Przeszczep miała w 2016 roku. Miesiąc po tym, jak wróciła do domu ze szpitala, jej 19-letni syn dostał pierwszego udaru. – Matura, rekrutacja na studia, mój przeszczep. Uważano, że to wynik stresu – wspomina. Po roku miał drugi udar. Oba, jak się okazało, były spowodowane chorobą Fabry’ego. – Mój syn umierał. Przez pół roku dzwoniłam wszędzie, gdzie się dało, żeby zdobyć możliwość leczenia dla niego i siebie. Brat w Szwecji leczył się, my nie mogliśmy – dodaje Magda. W Europie leczenie Fabry’ego wdrożono w 2001 roku, Polska była jedynym krajem, który nie miał leku. Wprowadzono go dopiero w 2019 roku.
– Rok później na Facebooku przeczytałam, że w Centralnym Szpitalu Klinicznym organizowany jest Dzień Chorób Rzadkich i że dr Katarzyna Muras-Szwedziak zaprasza. Przyjechałam, ale nie wierzyłam, że dostaniemy leczenie – przyznaje Magda.

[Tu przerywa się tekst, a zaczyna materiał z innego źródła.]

Lemma Sigma_bilin_linearl k (Y : 'M[C]_(k, n)) : linear (fun X => Sigma_bilin X Y).
Proof.
move=> a X X'; rewrite /Sigma_bilin; under eq_bigr => r _ do rewrite linearP linearPl /=.
by rewrite big_split /= -scaler_sumr scalerDr !scalerA mulrC.
Qed.

Lemma Sigma_bilin_linearr k (X : 'M[C]_(k, n)) : linear (Sigma_bilin X).
Proof.
move=> a Y Y'; rewrite /Sigma_bilin; under eq_bigr => r _ do rewrite linearP linearPr /=.
by rewrite big_split /= -scaler_sumr scalerDr !scalerA mulrC.
Qed.

Lemma SigmaE k (X : 'M[C]_(k, n)) : Sigma c X = Sigma_bilin X (conjv X).
Proof. by congr (_ *: _); apply: eq_bigr => r _; rewrite row_conjv. Qed.

Lemma conjv_Sigma_bilin k (X Y : 'M[C]_(k, n)) :
  conjv (Sigma_bilin X Y) = Sigma_bilin (conjv Y) (conjv X).
Proof.
rewrite /Sigma_bilin conjvZ conjc_i scaleNr -scalerN; congr (_ *: _).
rewrite /conjv map_mx_sum /= -sumrN; apply: eq_bigr => r _.
by rewrite -/(conjv _) conjv_lie_br (lie_br_anti cc_lie) opprK -!row_conjv.
Qed.

Lemma killing_Sigma_bilin k S (X Y : 'M[C]_(k, n)) :
  killing cc S (Sigma_bilin X (conjv Y)) =
  'i%C * \sum_r hermK c (lie_br cc S (row r X)) (row r Y).
Proof.
rewrite linearZr linear_sumr /=; congr (_ * _); apply: eq_bigr => r _.
by rewrite -(killing_invariant cc_lie) row_conjv.
Qed.

Lemma is_mxcderive_Sigma x k (gam : R -> 'M[C]_(k, n)) A : is_mxcderive x gam A ->
  is_mxcderive x (fun t => Sigma c (gam t))
    (Sigma_bilin A (conjv (gam x)) + Sigma_bilin (gam x) (conjv A)).
Proof.
move=> gamA; rewrite (funext (fun t => SigmaE (gam t))).
exact (is_mxcderive_bilinear (@Sigma_bilin_linearl k) (@Sigma_bilin_linearr k) gamA
  (is_mxcderive_conj gamA)).
Qed.

Lemma is_derive_normsq x (F : R -> 'rV[C]_n) D : is_mxcderive x F D ->
  is_derive x 1 (fun t => normsq c (F t))
    (- complex.Re (killing cc D (conjv (F x)) + killing cc (F x) (conjv D))).
Proof.
move=> FD; have [KRe _] := is_cderive_biscalar (phi := killing cc)
  (fun y => linearPl _ y) (fun y => linearPr _ y) FD (is_mxcderive_conj FD).
exact: is_deriveN KRe.
Qed.

Lemma hermK_suml k (a : 'I_k -> C) (v : 'I_k -> 'rV[C]_n) y :
  hermK c (\sum_j a j *: v j) y = \sum_j a j * hermK c (v j) y.
Proof. by rewrite /hermK linear_sumlz; apply: eq_bigr => j _; rewrite linearZl. Qed.

Lemma hermK_sumr k (a : 'I_k -> C) (v : 'I_k -> 'rV[C]_n) x :
  hermK c x (\sum_j a j *: v j) = \sum_j conjc (a j) * hermK c x (v j).
Proof.
rewrite /hermK /conjv map_mx_sum linear_sumr; apply: eq_bigr => j _.
by rewrite map_mxZ linearZr.
Qed.

Lemma hermK_ad_skew S x y : conjv S = S ->
  hermK c (lie_br cc S x) y = - hermK c x (lie_br cc S y).
Proof. by move=> S_real; rewrite /hermK (killing_skew cc_lie) -{1}S_real -conjv_lie_br. Qed.

Lemma hermK_unitary_frame k (E : 'M[C]_(k, n)) (a : 'I_k -> C) m :
  unitary_frame c E -> hermK c (\sum_j a j *: row j E) (row m E) = a m.
Proof.
move=> Eu; rewrite hermK_suml (bigD1 m) //= big1 => [|j /negbTE jm].
  by rewrite Eu eqxx mulr1 addr0.
by rewrite Eu jm mulr0.
Qed.

Lemma ad_unitary_frame_skew k (E : 'M[C]_(k, n)) S (M : 'M[C]_k) :
    unitary_frame c E -> conjv S = S ->
    (forall r, lie_br cc S (row r E) = \sum_j M r j *: row j E) ->
  forall r j, M r j = - conjc (M j r).
Proof.
move=> Eu S_real SM r j.
rewrite -(hermK_unitary_frame (M r) j Eu) -SM hermK_ad_skew // SM hermK_sumr.
rewrite (bigD1 r) //= big1 => [|l /negbTE lr]; last by rewrite Eu eq_sym lr mulr0.
by rewrite Eu eqxx mulr1 addr0.
Qed.

Lemma killing_Sigma_tangent k (E A : 'M[C]_(k, n)) :
    unitary_frame c E ->
    (forall r j, hermK c (row r A) (row j E) + hermK c (row r E) (row j A) = 0) ->
    (forall x, (x <= E)%MS -> (lie_br cc (Sigma c E) x <= E)%MS) ->
  killing cc (Sigma c E) (Sigma_bilin A (conjv E) + Sigma_bilin E (conjv A)) = 0.
Proof.
move=> Eu EA E_stable; set S := Sigma c E.
have S_real : conjv S = S by rewrite /S SigmaE conjv_Sigma_bilin conjvK.
have [M SM] : exists M : 'M[C]_k, forall r, lie_br cc S (row r E) = \sum_j M r j *: row j E.
  have /submxP[M SE] : (\matrix_r lie_br cc S (row r E) <= E)%MS.
    by apply/row_subP => r; rewrite rowK E_stable ?row_sub.
  exists M => r; have := congr1 (row r) SE; rewrite rowK row_mul mulmx_sum_row => ->.
  by apply: eq_bigr => j _; rewrite mxE.
have M_skew := ad_unitary_frame_skew Eu S_real SM.
(* The skewness of ad S, of M and of the tangent condition give three signs. *)
have AE : \sum_r hermK c (lie_br cc S (row r A)) (row r E) =
          - \sum_r \sum_j M j r * hermK c (row r E) (row j A).
  rewrite -sumrN; apply: eq_bigr => r _; rewrite hermK_ad_skew // SM hermK_sumr.
  apply/eqP; rewrite eqr_opp; apply/eqP; apply: eq_bigr => j _.
  rewrite (M_skew j r) mulNr -mulrN; congr (_ * _).
  by apply/eqP; rewrite -addr_eq0 EA.
have EA' : \sum_r hermK c (lie_br cc S (row r E)) (row r A) =
           \sum_r \sum_j M j r * hermK c (row r E) (row j A).
  by under eq_bigr => r _ do rewrite SM hermK_suml; rewrite [LHS]exchange_big.
rewrite linearDr /= !killing_Sigma_bilin -mulrDr.
by rewrite [X in _ * (X + _)]AE [X in _ * (_ + X)]EA' addNr mulr0.
Qed.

Poradnia Chorób Rzadkich od prawie trzech lat w Łodzi
Poradnia Chorób Rzadkich w Centralnym Szpitalu Klinicznym zaczęła się właśnie od choroby Fabry’ego. – Gdy byłam rezydentką, przyszli do mnie do poradni nefrologicznej dwaj bracia z tą chorobą. Nie miałam zielonego pojęcia o niej. Zaczęłam się tym interesować. Nie było jeszcze wtedy żadnej refundowanej terapii w Polsce. Tylko w ramach badań klinicznych można było podjąć leczenie. Nagle jeden z braci, paradoksalnie ten w lepszym stanie, zmarł. Bardzo mną to wstrząsnęło – wspomina dr Katarzyna Muras-Szwedziak, dziś koordynatorka Poradni Chorób Rzadkich w Łodzi.

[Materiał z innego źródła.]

(* Let $h$ be the morphism on the alphabet $\{1,3,4\}$ given by $h(1)=14$, $h(3)=14$, $h(4)=3$. For all $n\ge5$ one has (i) $\Delta C_Z(\Psi_n)=h^{n-4}(3)$ and (ii) $\Delta C_Z(\Lambda_n)=h^{n-5}(3)$.
   Context: Fibonacci numbers: $F_0=0$, $F_1=1$, $F_n=F_{n-1}+F_{n-2}$. Every integer $N\ge0$ has a unique Zeckendorf expansion $N=\sum_{i\ge0}d_i(N)F_{i+2}$ with $d_i(N)\in\{0,1\}$ and no two consecutive digits equal to $1$; $s_Z(N)=\sum_i d_i(N)$. A point of constancy of $s_Z$ is an integer $N\ge0$ with $s_Z(N+1)=s_Z(N)$. For $n\ge3$ define the integer intervals $\Lambda_n=[F_n,F_{n+1}-1]$ and $\Psi_n=[0,F_n-1]$. For an integer interval $I$ (here $I=\Lambda_n$ or $I=\Psi_n$), let $c_1<c_2<\dots<c_k$ be the points of constancy of $s_Z$ lying in $I$ and let $c_{k+1}$ be the smallest point of constancy of $s_Z$ larger than $\max I$; then $\Delta C_Z(I)$ denotes the word $(c_2-c_1)(c_3-c_2)\cdots(c_{k+1}-c_k)$ over the alphabet of positive integers. *)

From mathcomp Require Import all_boot.
Set Implicit Arguments. Unset Strict Implicit. Unset Printing Implicit Defensive.

Fixpoint fib (n : nat) : nat :=
  match n with
  | 0 => 0
  | 1 => 1
  | (m.+1 as k).+1 => fib k + fib m
  end.

Definition top_index (N : nat) : nat := \max_(i < N.+1 | fib i.+2 <= N) i.

(* Zeckendorf expansion computed by the greedy algorithm: the list of the
   indices i with d_i(N) = 1 (in decreasing order).  Fuel N suffices since
   N strictly decreases at every step. *)
Fixpoint zeck_idx_aux (fuel N : nat) : seq nat :=
  match fuel with
  | 0 => [::]
  | f.+1 => if N == 0 then [::]
            else top_index N :: zeck_idx_aux f (N - fib (top_index N).+2)
  end.

Definition zeck_idx (N : nat) : seq nat := zeck_idx_aux N N.

Definition zdigit (i N : nat) : nat := (i \in zeck_idx N).
Definition sZ (N : nat) : nat := size (zeck_idx N).

Definition is_const_pt (N : nat) : bool := sZ N.+1 == sZ N.

Definition const_pts (a b : nat) : seq nat :=
  [seq c <- iota a (b.+1 - a) | is_const_pt c].

Definition next_const_pt (b c : nat) : Prop :=
  b < c /\ is_const_pt c /\ (forall m, b < m -> is_const_pt m -> c <= m).

Definition diffs (s : seq nat) : seq nat :=
  match s with
  | [::] => [::]
  | x :: t => pairmap (fun u v => v - u) x t
  end.

(* Delta C_Z([a,b]) given the next point of constancy c after b. *)
Definition DeltaCZ (a b c : nat) : seq nat := diffs (const_pts a b ++ [:: c]).

Definition h_letter (x : nat) : seq nat :=
  match x with
  | 1 => [:: 1; 4]
  | 3 => [:: 1; 4]
  | 4 => [:: 3]
  | _ => [::]
  end.

Definition h (w : seq nat) : seq nat := flatten (map h_letter w).

Definition Psi_lo (n : nat) := 0.
Definition Psi_hi (n : nat) := (fib n).-1.
Definition Lambda_lo (n : nat) := fib n.
Definition Lambda_hi (n : nat) := (fib n.+1).-1.

From mathcomp Require Import all_boot.
From mathcomp Require Import zify.

(* Adding F_{i+2} to x < F_{i+1} puts one more digit in front of the
   Zeckendorf expansion of x, so s_Z(F_{i+2} + x) = s_Z(x) + 1.  Hence the
   points of constancy in Lambda_{n+1} are those of Psi_n translated by
   F_{n+1} (the last points F_n - 1 and F_{n+2} - 1 of the two intervals are
   not points of constancy), and the first of them, F_{n+1} + 1, is the next
   point of constancy after Psi_{n+1}.  Thus
   Delta C_Z(Lambda_{n+1}) = Delta C_Z(Psi_n) and
   Delta C_Z(Psi_{n+2}) = Delta C_Z(Psi_{n+1}) Delta C_Z(Lambda_{n+1}),
   which is the recursion h^{k+2}(3) = h^{k+1}(3) h^k(3); the case n = 5 is
   checked directly. *)

Lemma fibSS k : fib k.+2 = fib k.+1 + fib k.
Proof. by []. Qed.

Lemma fib_monotone : {homo fib : i j / i <= j}.
Proof.
apply: homo_leq => //; first exact: leq_trans.
by case=> // k; rewrite fibSS leq_addr.
Qed.

Lemma fib_gt0 k : 0 < fib k.+1.
Proof. by elim: k => // k IH; rewrite fibSS; lia. Qed.

Lemma ltn_fib k : k < fib k.+2.
Proof. by elim: k => // k IH; rewrite fibSS; have := fib_gt0 k; lia. Qed.

Lemma zeck_idx_aux_fuel f1 f2 N :
  N <= f1 -> N <= f2 -> zeck_idx_aux f1 N = zeck_idx_aux f2 N.
Proof.
elim: f1 f2 N => [|f1 IH] [|f2] N.
- by [].
- by rewrite leqn0 => /eqP -> _.
- by move=> _; rewrite leqn0 => /eqP ->.
rewrite [LHS]/= [RHS]/=; case: eqP => // /eqP N_neq0 N_le_f1 N_le_f2.
congr (_ :: _); have /= fib_pos := fib_gt0 (top_index N).+1; apply: IH; lia.
Qed.

Lemma top_index_fibD i x : x < fib i.+1 -> top_index (fib i.+2 + x) = i.
Proof.
move=> x_lt; apply/eqP; rewrite eqn_leq; apply/andP; split.
  apply/bigmax_leqP => k fib_le; rewrite leqNgt; apply/negP => i_lt_k.
  have : fib i.+3 <= fib k.+2 by apply: fib_monotone.
  rewrite fibSS; lia.
have i_lt : i < (fib i.+2 + x).+1 by have := ltn_fib i; lia.
by apply: (leq_bigmax_cond (Ordinal i_lt)); rewrite /= leq_addr.
Qed.

Lemma sZ_greedy N : 0 < N -> sZ N = (sZ (N - fib (top_index N).+2)).+1.
Proof.
case: N => // N _; set M := N.+1 - _.
have M_le : M <= N by have := fib_gt0 (top_index N.+1).+1; rewrite /M; lia.
rewrite /sZ /zeck_idx -[zeck_idx_aux N.+1 N.+1]/(top_index N.+1 :: zeck_idx_aux N M).
by rewrite (zeck_idx_aux_fuel _ _ _ M_le (leqnn M)).
Qed.

Lemma sZ_fibD i x : x < fib i.+1 -> sZ (fib i.+2 + x) = (sZ x).+1.
Proof.
move=> x_lt; rewrite sZ_greedy ?top_index_fibD ?addKn //.
by have := fib_gt0 i.+1; lia.
Qed.

Lemma sZ_fib i : sZ (fib i.+2) = 1.
Proof. by rewrite -[fib i.+2]addn0 sZ_fibD ?fib_gt0. Qed.

Lemma sZ_gt0 N : 0 < N -> 0 < sZ N.
Proof. by case: N. Qed.

Lemma is_const_pt_fibD i x :
  x.+1 < fib i.+1 -> is_const_pt (fib i.+2 + x) = is_const_pt x.
Proof.
by move=> x_lt; rewrite /is_const_pt -addnS !sZ_fibD // ltnW.
Qed.

Lemma is_const_pt_fib n : 4 <= n -> ~~ is_const_pt (fib n).
Proof.
case: n => [|[|[|[|n]]]] // _.
have fib_ge : 2 <= fib n.+3 := @fib_monotone 3 n.+3 isT.
by rewrite -[fib _]addn0 is_const_pt_fibD.
Qed.

Lemma is_const_pt_fibS n : 5 <= n -> is_const_pt (fib n).+1.
Proof.
case: n => [|[|[|[|[|n]]]]] // _.
have fib_ge : 3 <= fib n.+4 := @fib_monotone 4 n.+4 isT.
by rewrite -addn1 is_const_pt_fibD // /is_const_pt (sZ_fib 0) (sZ_fib 1).
Qed.

Lemma is_const_pt_fib_pred n : 5 <= n -> ~~ is_const_pt (fib n).-1.
Proof.
case: n => [|[|[|[|[|n]]]]] // _.
have fib_ge : 2 <= fib n.+3 := @fib_monotone 3 n.+3 isT.
have split_pred : (fib n.+4.+1).-1 = fib n.+4 + (fib n.+3).-1 by rewrite fibSS; lia.
rewrite /is_const_pt prednK ?fib_gt0 // sZ_fib split_pred sZ_fibD; last lia.
by have := @sZ_gt0 (fib n.+3).-1; lia.
Qed.

Lemma next_const_pt_fib_pred n : 5 <= n -> next_const_pt (fib n).-1 (fib n).+1.
Proof.
move=> n_ge5; have fib_pos : 0 < fib n by case: n n_ge5 => // n _; apply: fib_gt0.
split; first lia.
split=> [|m m_gt const_m]; first exact: is_const_pt_fibS.
have : m != fib n by apply: contraTneq const_m => ->; apply: is_const_pt_fib; lia.
lia.
Qed.

Lemma const_pts_Psi_split n :
  const_pts (Psi_lo n.+2) (Psi_hi n.+2) =
  const_pts (Psi_lo n.+1) (Psi_hi n.+1) ++ const_pts (Lambda_lo n.+1) (Lambda_hi n.+1).
Proof.
rewrite /const_pts /Psi_lo /Psi_hi /Lambda_lo /Lambda_hi !prednK ?fib_gt0 //.
by rewrite !subn0 fibSS addKn iotaD filter_cat.
Qed.

Lemma const_pts_Lambda_head n : 4 <= n ->
  exists s, const_pts (Lambda_lo n.+1) (Lambda_hi n.+1) = (fib n.+1).+1 :: s.
Proof.
move=> n_ge4; have fib_ge : 3 <= fib n := @fib_monotone 4 n n_ge4.
rewrite /const_pts /Lambda_lo /Lambda_hi prednK ?fib_gt0 // fibSS addKn.
have -> : fib n = (fib n - 2).+2 by lia.
have not_const_fib : ~~ is_const_pt (fib n.+1) by apply: is_const_pt_fib; lia.
have const_fibS : is_const_pt (fib n.+1).+1 by apply: is_const_pt_fibS.
by rewrite /= (negbTE not_const_fib) const_fibS; eexists.
Qed.

Lemma const_pts_Lambda_shift n : 5 <= n ->
  const_pts (Lambda_lo n.+1) (Lambda_hi n.+1) =
  map (addn (fib n.+1)) (const_pts (Psi_lo n) (Psi_hi n)).
Proof.
case: n => // n n_ge5; rewrite /const_pts /Lambda_lo /Lambda_hi /Psi_lo /Psi_hi.
rewrite !prednK ?fib_gt0 // (fibSS n.+1) addKn subn0.
rewrite -{1}(addn0 (fib n.+2)) iotaDl filter_map; congr map.
apply: eq_in_filter => x; rewrite mem_iota add0n => /andP[_ x_lt].
rewrite -[preim _ _ x]/(is_const_pt (fib n.+2 + x)).
have [x_lt_pred | x_ge] := ltnP x.+1 (fib n.+1); first exact: is_const_pt_fibD.
have -> : x = (fib n.+1).-1 by lia.
have -> : fib n.+2 + (fib n.+1).-1 = (fib n.+3).-1 by rewrite (fibSS n.+1); lia.
have n3_ge5 : 5 <= n.+3 by lia.
by rewrite !(negbTE (is_const_pt_fib_pred _ _)).
Qed.

Lemma diffs_map_addn a s : diffs (map (addn a) s) = diffs s.
Proof.
case: s => //= x t; elim: t x => //= y t IH x.
by rewrite IH subnDl.
Qed.

Lemma diffs_cat s y t : diffs (s ++ y :: t) = diffs (s ++ [:: y]) ++ diffs (y :: t).
Proof. by case: s => [|x s] //; rewrite /diffs /= !pairmap_cat -catA. Qed.

Definition psi_word n := DeltaCZ (Psi_lo n) (Psi_hi n) (fib n).+1.
Definition lambda_word n := DeltaCZ (Lambda_lo n) (Lambda_hi n) (fib n.+1).+1.

Lemma lambda_wordS n : 5 <= n -> lambda_word n.+1 = psi_word n.
Proof.
move=> n_ge5; rewrite /lambda_word /psi_word /DeltaCZ const_pts_Lambda_shift //.
have -> : (fib n.+2).+1 = fib n.+1 + (fib n).+1 by rewrite fibSS addnS.
by rewrite -[[:: _ + _]]/(map (addn (fib n.+1)) [:: (fib n).+1]) -map_cat diffs_map_addn.
Qed.

Lemma psi_wordSS n : 4 <= n -> psi_word n.+2 = psi_word n.+1 ++ lambda_word n.+1.
Proof.
move=> n_ge4; have [s Lambda_pts] := const_pts_Lambda_head _ n_ge4.
by rewrite /psi_word /lambda_word /DeltaCZ const_pts_Psi_split -catA Lambda_pts [LHS]diffs_cat.
Qed.

Lemma h_cat s t : h (s ++ t) = h s ++ h t.
Proof. by rewrite /h map_cat flatten_cat. Qed.

Lemma iter_h_cat k s t : iter k h (s ++ t) = iter k h s ++ iter k h t.
Proof. by elim: k => //= k ->; rewrite h_cat. Qed.

Lemma iter_h3SS k : iter k.+2 h [:: 3] = iter k.+1 h [:: 3] ++ iter k h [:: 3].
Proof. by rewrite iterSr -[h [:: 3]]/([:: 1] ++ [:: 4]) iter_h_cat !iterSr. Qed.

Lemma psi_word5 : psi_word 5 = [:: 1; 4].
Proof.
have const1 : is_const_pt 1 by rewrite /is_const_pt (sZ_fib 0) (sZ_fib 1).
have const2 : is_const_pt 2 by rewrite /is_const_pt (sZ_fib 1) (sZ_fib 2).
have const3 : ~~ is_const_pt 3 by apply: (is_const_pt_fib 4).
have const4 : ~~ is_const_pt 4 by apply: (is_const_pt_fib_pred 5).
(* [simpl] evaluates [is_const_pt 0] to [false] since [sZ 0] and [sZ 1] compute. *)
rewrite /psi_word /DeltaCZ /const_pts -[iota _ _]/[:: 0; 1; 2; 3; 4] /=.
by rewrite const1 const2 (negbTE const3) (negbTE const4).
Qed.

Lemma lambda_word5 : lambda_word 5 = [:: 3].
Proof.
have const5 : ~~ is_const_pt 5 by apply: (is_const_pt_fib 5).
have const6 : is_const_pt 6 by apply: (is_const_pt_fibS 5).
have const7 : ~~ is_const_pt 7 by apply: (is_const_pt_fib_pred 6).
rewrite /lambda_word /DeltaCZ /const_pts -[iota _ _]/[:: 5; 6; 7] /=.
by rewrite (negbTE const5) const6 (negbTE const7).
Qed.

Lemma psi_lambda_words_iter k :
  psi_word (5 + k) = iter k.+1 h [:: 3] /\ lambda_word (5 + k) = iter k h [:: 3].
Proof.
elim: k => [|k [psiE lambdaE]]; first by rewrite psi_word5 lambda_word5.
rewrite addnS lambda_wordS ?leq_addr // psiE; split=> //.
by rewrite psi_wordSS ?psiE ?lambdaE ?iter_h3SS // addSnnS leq_addr.
Qed.

Theorem proposition1 (n : nat) (hn : 5 <= n) :
  (exists c, next_const_pt (Psi_hi n) c /\
     DeltaCZ (Psi_lo n) (Psi_hi n) c = iter (n - 4) h [:: 3]) /\
  (exists c, next_const_pt (Lambda_hi n) c /\
     DeltaCZ (Lambda_lo n) (Lambda_hi n) c = iter (n - 5) h [:: 3]).
Proof.
have [psiE lambdaE] := psi_lambda_words_iter (n - 5).
rewrite subnKC // in psiE lambdaE.
split.
- exists (fib n).+1; split; first exact: next_const_pt_fib_pred.
  have -> : n - 4 = (n - 5).+1 by lia.
  exact: psiE.
- exists (fib n.+1).+1; split; first by apply: next_const_pt_fib_pred; lia.
  exact: lambdaE.
Qed.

Doktor jeszcze bardziej zaczęła zgłębiać temat i śledzić nowe doniesienia na temat diagnozy i leczenia Fabry’ego. Gdy w 2019 roku wprowadzono refundowaną terapię w Polsce, doktor zaangażowała się w szukanie pacjentów, głównie przez media społecznościowe. Szpital, dzięki wsparciu firm farmaceutycznych oferował też już wtedy proste, bezpłatne dla pacjentów testy, tzw. suchej kropli krwi pozwalające na badania przesiewowe w kierunku tej choroby. – Zgłosiły się do mnie dziesiątki osób, głównie już zdiagnozowanych, ale dotychczas nieleczonych. Tak doszliśmy do prawie 50 pacjentów. W całej Polsce jest ich ok. 100 – opowiada specjalistka. W ten sposób trafiła tu Magda. – Gdyby nie informacja na Facebooku, to nie wiem, czy nie pochowałabym już syna – nie ukrywa.

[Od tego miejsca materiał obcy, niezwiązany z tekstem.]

Lemma route3_rainbow q : 1 <= q -> rainbow_path (8*q+3) (2*q) (walk q (route3 q)).
Proof.
move=> hq; apply: (@walk_rainbow q (route3 q) (route3_edge q) true (4*q-1)).
- by move=> n hn; rewrite /route3; case_ifs => /=; lia.
- by move=> n1 n2 h1 h2; rewrite /route3; case_ifs; injection_lia.
- by move=> n; apply: route3_label.
- move=> n hn; rewrite /route3_edge; case_ifs; eqb_to_eq => //=;
    by rewrite ?andbT ?(inj_eq Some_inj) ?xpair_eqE ?eqxx //=; lia.
- by move=> n1 n2 h1 h2; rewrite /route3_edge; case_ifs; eqb_to_eq; injection_lia.
- lia.
- rewrite /rail_label (@ladderE q true (4*q-1) (q-1) 3) ?(@ladderE q true (4*q-1).+1 q 0); try lia.
  rewrite /dlabel /flip /=; solve_ifs.
Qed.

Definition route5 q n : bool * nat :=
  if n <= 1 then (true, 4*q+2+n)
  else if n <= 4*q+1 then (false, n + 4*q+1)
  else if n <= 8*q+3 then (true, n - (4*q+2))
  else if n <= 12*q+2 then (true, n - 4*q)
  else (false, n - (12*q+3)).

Definition route5_edge q n : option (bool * nat) :=
  if n == 0 then Some (true, 4*q+2)
  else if n == 1 then None
  else if n <= 4*q then Some (false, n + 4*q+1)
  else if n == 4*q+1 then Some (false, 4*q+1)
  else if n <= 8*q+2 then Some (true, n - (4*q+2))
  else if n == 8*q+3 then Some (false, 4*q+2)
  else if n <= 12*q+1 then Some (true, n - 4*q)
  else if n == 12*q+2 then Some (true, 4*q+1)
  else Some (false, n - (12*q+3)).

Lemma route5_label q n : 1 <= q -> n < 16*q+4 ->
  dlabel (8*q+3) (walk q (route5 q) n) (walk q (route5 q) n.+1) =
  edge_label q (route5_edge q n).
Proof.
move=> hq hn; rewrite /walk.
case: (eqVneq n 1) => [->|n1].
  have -> : route5 q 1 = (true, 4*q+3) by rewrite /route5; solve_ifs.
  have -> : route5 q 2 = (false, 4*q+3) by rewrite /route5; solve_ifs.
  have -> : route5_edge q 1 = None by rewrite /route5_edge; solve_ifs.
  by apply: (rung_label q true) => /=; lia.
case: (eqVneq n (4*q+1)) => [->|n2].
  have -> : route5 q (4*q+1) = (false, 8*q+2) by rewrite /route5; solve_ifs.
  have -> : route5 q (4*q+1).+1 = (true, 0) by rewrite /route5; solve_ifs.
  have -> : route5_edge q (4*q+1) = Some (false, 4*q+1) by rewrite /route5_edge; solve_ifs.
  cbn [fst snd edge_label]; rewrite /rail_label (@ladderE q false (8*q+2) (2*q) 2) //
    ?(@ladderE q true 0 0 0) // ?(@ladderE q false (4*q+1) q 1) //
    ?(@ladderE q false (4*q+1).+1 q 2) //; try lia.
  rewrite /dlabel /flip /=; solve_ifs.
case: (eqVneq n (8*q+3)) => [->|n3].
  have -> : route5 q (8*q+3) = (true, 4*q+1) by rewrite /route5; solve_ifs.
  have -> : route5 q (8*q+3).+1 = (true, 4*q+4) by rewrite /route5; solve_ifs.
  have -> : route5_edge q (8*q+3) = Some (false, 4*q+2) by rewrite /route5_edge; solve_ifs.
  cbn [fst snd edge_label]; rewrite /rail_label (@ladderE q true (4*q+1) q 1) //
    ?(@ladderE q true (4*q+4) (q+1) 0) // ?(@ladderE q false (4*q+2) q 2) //
    ?(@ladderE q false (4*q+2).+1 q 3) //; try lia.
  rewrite /dlabel /flip /=; solve_ifs.
case: (eqVneq n (12*q+2)) => [->|n4].
  have -> : route5 q (12*q+2) = (true, 8*q+2) by rewrite /route5; solve_ifs.
  have -> : route5 q (12*q+2).+1 = (false, 0) by rewrite /route5; solve_ifs.
  have -> : route5_edge q (12*q+2) = Some (true, 4*q+1) by rewrite /route5_edge; solve_ifs.
  cbn [fst snd edge_label]; rewrite /rail_label (@ladderE q true (8*q+2) (2*q) 2) //
    ?(@ladderE q false 0 0 0) // ?(@ladderE q true (4*q+1) q 1) //
    ?(@ladderE q true (4*q+1).+1 q 2) //; try lia.
  rewrite /dlabel /flip /=; solve_ifs.
rewrite /route5 /route5_edge; case_ifs; eqb_to_eq; try (exfalso; lia);
  cbn [fst snd edge_label]; rewrite /rail_label; congr dlabel; congr ladder; lia.
Qed.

Niedługo później dr Muras-Szwedziak wymyśliła, by stworzyć poradnię dedykowaną pacjentom z chorobami rzadkimi i ultra rzadkimi. – Myślałam, że nikt się na to nie zgodzi. Jednak dyrekcja szpitala, poradni dała nam zielone światło. Zdobyliśmy wszystkie potrzebne zgody – mówi.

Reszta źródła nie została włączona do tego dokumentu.